WALLACE (voice-over): Bird watchers have been minding the nest since mid-February when a pair of bald eagles laid two eggs. Excitement turned into anticipation when the first pip (ph), or crack, was seen late Wednesday on one egg. And Friday, just after 8:00 in the morning, a fuzzy wing flopped out and D.C. had its latest star.

The eaglet, named DC2 (ph), was quieted at first, but quickly pepped up. The proud parents nicknamed Mr. President and the First Lady, first nested there in 2014 when they gave birth to one eaglet. They take turns, one monitoring the nest while the other scavenges for food, often a big fish. The hatching is trending on FaceBook and the arboretum's eagle cam is getting millions of clicks.

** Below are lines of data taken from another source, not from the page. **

(* Let $\mathcal{X}\subset\mathbb{R}^n$ be a convex connected domain and $K:\mathcal{X}\to\mathbb{R}$ a smooth function whose Hessian $G(x)=\nabla^2K(x)$ is invertible for all $x$. Let $\mathcal{U}=\mathbb{R}^m$, $\mathcal{Y}=\mathcal{U}^*\cong\mathbb{R}^m$, let $\sigma$ be an $m\times m$ signature matrix, and consider the smooth system $\dot x=F(x,u)$, $y=H(x,u)$. Then the system is reciprocal with respect to $G$ and $\sigma$ if and only if for all $x,u$ $$\sigma\frac{\partial H(x,u)}{\partial u}=\Big(\frac{\partial H(x,u)}{\partial u}\Big)^\top\sigma,\qquad G(x)\frac{\partial F(x,u)}{\partial u}=\Big(\frac{\partial H(x,u)}{\partial x}\Big)^\top\sigma,\qquad G(x)\frac{\partial F(x,u)}{\partial x}=\Big(\frac{\partial F(x,u)}{\partial x}\Big)^\top G(x).$$
   Context: A signature matrix is a diagonal matrix with diagonal entries $\pm1$. Partial derivative matrices are Jacobians. On $T^*\mathcal{X}\times\mathcal{U}\times\mathcal{Y}$ with coordinates $(x,p,u,y)$ consider the symplectic form $\omega=\sum_i dp_i\wedge dx_i+\sum_j dy_j\wedge du_j$; a Lagrangian submanifold is a submanifold on which $\omega$ vanishes and which is maximal with this property. The system is reciprocal with respect to $G$ and $\sigma$ if the set $\{(x,p,u,y): p=G(x)F(x,u),\ y=\sigma H(x,u)\}$ is a Lagrangian submanifold of $T^*\mathcal{X}\times\mathcal{U}\times\mathcal{Y}$. *)

From HB Require Import structures.
From mathcomp Require Import all_boot all_order all_algebra.
From mathcomp Require Import all_classical all_reals all_analysis.
Set Implicit Arguments. Unset Strict Implicit. Unset Printing Implicit Defensive.
Import Order.TTheory GRing.Theory Num.Theory.
Import numFieldNormedType.Exports.
Local Open Scope classical_set_scope.
Local Open Scope ring_scope.

Section Defs.
Variable R : realType.

Fixpoint Ck_on {V W : normedModType R} (k : nat) (A : set V) (f : V -> W)
    : Prop :=
  match k with
  | 0%N => forall x, A x -> {for x, continuous f}
  | k'.+1 => (forall x, A x -> differentiable f x) /\
             (forall v : V, Ck_on k' A (fun x => 'D_v f x))
  end.

Definition smooth_on {V W : normedModType R} (A : set V) (f : V -> W) :=
  forall k, Ck_on k A f.

(** Jacobian matrix (column-vector convention): jac f x i j = d f_i / d x_j. *)
Definition jac (n m : nat) (f : 'cV[R]_n -> 'cV[R]_m) (x : 'cV[R]_n)
    : 'M[R]_(m, n) :=
  \matrix_(i < m, j < n) ('d f x (delta_mx j ord0)) i ord0.

Definition grad (n : nat) (K : 'cV[R]_n -> R) (x : 'cV[R]_n) : 'cV[R]_n :=
  \col_(i < n) ('d K x (delta_mx i ord0)).

Definition hessian (n : nat) (K : 'cV[R]_n -> R) (x : 'cV[R]_n) : 'M[R]_n :=
  jac (grad K) x.

Definition signature_matrix (m : nat) (s : 'M[R]_m) : Prop :=
  is_diag_mx s /\ forall i, s i i = 1 \/ s i i = -1.

(** Points of T^*X x U x Y are quadruples (x, p, u, y). *)
Definition phase (n m : nat) :=
  ('cV[R]_n * 'cV[R]_n * 'cV[R]_m * 'cV[R]_m)%type.

(** omega = sum_i dp_i /\ dx_i + sum_j dy_j /\ du_j evaluated on two
    tangent vectors. *)
Definition omega (n m : nat) (v w : phase n m) : R :=
  let: (a, b, c, d) := v in let: (a', b', c', d') := w in
  (\sum_(i < n) (b i ord0 * a' i ord0 - b' i ord0 * a i ord0)) +
  (\sum_(j < m) (d j ord0 * c' j ord0 - d' j ord0 * c j ord0)).

Definition lagrangian_subspace (n m : nat) (T : set (phase n m)) : Prop :=
  (forall v w, T v -> T w -> omega v w = 0) /\
  (forall T' : set (phase n m),
      T `<=` T' ->
      (forall v w, T' v -> T' w -> omega v w = 0) ->
      (forall v w : phase n m, T' v -> T' w -> T' (v + w)) ->
      (forall (a : R) v, T' v -> T' (a *: v)) ->
      T' = T).

(** The set L = { (x,p,u,y) : p = G(x)F(x,u), y = sigma H(x,u), x in X }
    is the image of the graph parametrization Phi(x,u) = (x, G F, u, sigma H)
    over X x U; its tangent space at Phi(x,u) is the range of d Phi(x,u).
    L is a Lagrangian submanifold iff every tangent space is Lagrangian. *)
Definition graph_param (n m : nat) (G : 'cV[R]_n -> 'M[R]_n)
    (sigma : 'M[R]_m) (F : 'cV[R]_n -> 'cV[R]_m -> 'cV[R]_n)
    (H : 'cV[R]_n -> 'cV[R]_m -> 'cV[R]_m)
    (z : 'cV[R]_n * 'cV[R]_m) : phase n m :=
  (z.1, G z.1 *m F z.1 z.2, z.2, sigma *m H z.1 z.2).

Definition reciprocal (n m : nat) (X : set 'cV[R]_n) (G : 'cV[R]_n -> 'M[R]_n)
    (sigma : 'M[R]_m) (F : 'cV[R]_n -> 'cV[R]_m -> 'cV[R]_n)
    (H : 'cV[R]_n -> 'cV[R]_m -> 'cV[R]_m) : Prop :=
  forall x u, X x ->
    lagrangian_subspace
      (range ('d (graph_param G sigma F H) (x, u) : _ -> phase n m)).

End Defs.

From HB Require Import structures.
From mathcomp Require Import all_boot all_order all_algebra.
From mathcomp Require Import all_classical all_reals all_analysis.
From mathcomp Require Import ring lra.
Set Implicit Arguments. Unset Strict Implicit. Unset Printing Implicit Defensive.
Import Order.TTheory GRing.Theory Num.Theory.
Import numFieldNormedType.Exports.
Local Open Scope classical_set_scope.
Local Open Scope ring_scope.

(* The set L is the image of Phi(x, u) = (x, G F, u, sigma H), so it is
   Lagrangian iff the range of every d Phi(x, u) is.  That range is the graph
   of a map (a, c) |-> (beta, delta) over the (x, u)-directions, and such a
   graph is Lagrangian as soon as it is isotropic.  Evaluating omega on basis
   vectors turns isotropy into the three matrix identities; the extra term
   (D_a G) F of beta is harmless because symmetry of the third derivatives of
   K makes <(D_a G) F, a'> symmetric in a and a'.  Symmetry of mixed partials
   follows from the mean value theorem applied twice to a second difference. *)

Section smooth_on.
Context {R : realType} {V W : normedModType R}.
Implicit Types (A : set V) (f : V -> W).

Lemma smooth_on_differentiable A f y : smooth_on A f -> A y -> differentiable f y.
Proof. by move=> sf Ay; exact: (sf 1%N).1 y Ay. Qed.

Lemma smooth_on_derive A f v : smooth_on A f -> smooth_on A ('D_v f).
Proof. by move=> sf k; exact: (sf k.+1).2 v. Qed.

Lemma smooth_on_continuous A f y : smooth_on A f -> A y -> {for y, continuous f}.
Proof. by move=> sf Ay; exact: sf 0%N y Ay. Qed.

End smooth_on.

Section near_eq.
Context {R : realType} {V W : normedModType R}.
(* Let $K\in\mathcal{B}(H)$ and let $\Lambda_{TU}=\{(F(x),\Lambda_x,v(x))\}_{x\in X}$ be a continuous $(T,U)$-controlled $K$-$g$-fusion frame for $H$ with (positive) frame operator $S_C$. Let $V\in\mathcal{B}(H)$ be invertible such that $V^*$ commutes with $T$ and with $U$. Then the following are equivalent: (i) $\Gamma_{TU}=\{(VF(x),\Lambda_xP_{F(x)}V^*,v(x))\}_{x\in X}$ is a continuous $(T,U)$-controlled $VK$-$g$-fusion frame for $H$, i.e. there exist $0<A'\le B'<\infty$ with $$A'\|(VK)^*f\|^2\le\int_X v(x)^2\langle\Lambda_xP_{F(x)}V^*P_{VF(x)}Uf,\;\Lambda_xP_{F(x)}V^*P_{VF(x)}Tf\rangle\,d\mu(x)\le B'\|f\|^2\quad(f\in H);$$ (ii) the quotient operator $[(VK)^*/S_C^{1/2}V^*]$ is bounded; (iii) the quotient operator $[(VK)^*/(VS_CV^* )^{1/2}]$ is bounded.
   Context: $H$ is a separable complex Hilbert space, $\mathcal{B}(H)$ the bounded operators on $H$, $\mathcal{GB}^+(H)$ the positive bounded operators on $H$ with bounded inverse, $P_M$ the orthogonal projection onto a closed subspace $M$. Let $(X,\mu)$ be a measure space, $\{K_x\}_{x\in X}$ Hilbert spaces, $v:X\to\mathbb{R}^+$ measurable, $F$ a map from $X$ to closed subspaces of $H$ with $x\mapsto P_{F(x)}f$ weakly measurable for all $f$, $\Lambda_x\in\mathcal{B}(F(x),K_x)$, and $T,U\in\mathcal{GB}^+(H)$. For $L\in\mathcal{B}(H)$, the family is a continuous $(T,U)$-controlled $L$-$g$-fusion frame for $H$ if there exist $0<A\le B<\infty$ with $A\|L^*f\|^2\le\int_X v(x)^2\langle\Lambda_xP_{F(x)}Uf,\Lambda_xP_{F(x)}Tf\rangle d\mu(x)\le B\|f\|^2$ for all $f\in H$. Its frame operator $S_C\in\mathcal{B}(H)$ is given by $\langle S_Cf,g\rangle=\int_X v(x)^2\langle T^*P_{F(x)}\Lambda_x^*\Lambda_xP_{F(x)}Uf,g\rangle d\mu(x)$. For $A_1,A_2\in\mathcal{B}(H)$, the quotient operator $[A_1/A_2]$ is the map $A_2f\mapsto A_1f$ from $\mathcal{R}(A_2)$ to $\mathcal{R}(A_1)$; it is bounded if it is well defined and there is $C>0$ with $\|A_1f\|\le C\|A_2f\|$ for all $f\in H$. *)

From HB Require Import structures.
From mathcomp Require Import all_boot all_order all_algebra.
From mathcomp Require Import all_classical all_reals all_analysis.
From mathcomp Require Import complex.

Set Implicit Arguments.
Unset Strict Implicit.
Unset Printing Implicit Defensive.

Import Order.TTheory GRing.Theory Num.Theory.
Local Open Scope ring_scope.
Local Open Scope classical_set_scope.
Local Open Scope complex_scope.

Record hilbert (R : realType) := Hilbert {
  hcar :> lmodType R[i];
  hdot : hcar -> hcar -> R[i];
  hdot_linl : forall (a : R[i]) (x y z : hcar),
      hdot (a *: x + y) z = a * hdot x z + hdot y z;
  hdot_sym : forall x y : hcar, hdot y x = (hdot x y)^*;
  hdot_pos : forall x : hcar, 0 <= hdot x x;
  hdot_def : forall x : hcar, hdot x x = 0 -> x = 0;
  hcomplete : forall u : nat -> hcar,
      (forall e : R, 0 < e -> exists N : nat, forall m n : nat,
         (N <= m)%N -> (N <= n)%N ->
         Num.sqrt (complex.Re (hdot (u m - u n) (u m - u n))) < e) ->
      exists l : hcar, forall e : R, 0 < e -> exists N : nat, forall n : nat,
         (N <= n)%N -> Num.sqrt (complex.Re (hdot (u n - l) (u n - l))) < e
}.

Section HilbertDefs.
Variable R : realType.

Definition hnorm (H : hilbert R) (x : H) : R := Num.sqrt (complex.Re (hdot x x)).

Definition separable (H : hilbert R) : Prop :=
  exists d : nat -> H, forall (x : H) (e : R), 0 < e ->
    exists n : nat, hnorm (x - d n) < e.

Definition is_linear_op (H1 H2 : hilbert R) (A : H1 -> H2) : Prop :=
  forall (a : R[i]) (x y : H1), A (a *: x + y) = a *: A x + A y.

Definition is_bounded (H1 H2 : hilbert R) (A : H1 -> H2) : Prop :=
  is_linear_op A /\ exists C : R, forall x : H1, hnorm (A x) <= C * hnorm x.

WALLACE:  And on this first day of spring, we have a big, happy announcement. The second baby eaglet was born this morning. Forget March Madness and check out the eagle cam link on our website,

And now this program note. Be sure to watch Fox News Channel tomorrow night for a must see prime time lineup. Interviews with all three republican presidential candidates starting at 6:00 p.m. Eastern.

And that's it for today. Have a great week. And we'll see you next "Fox News Sunday."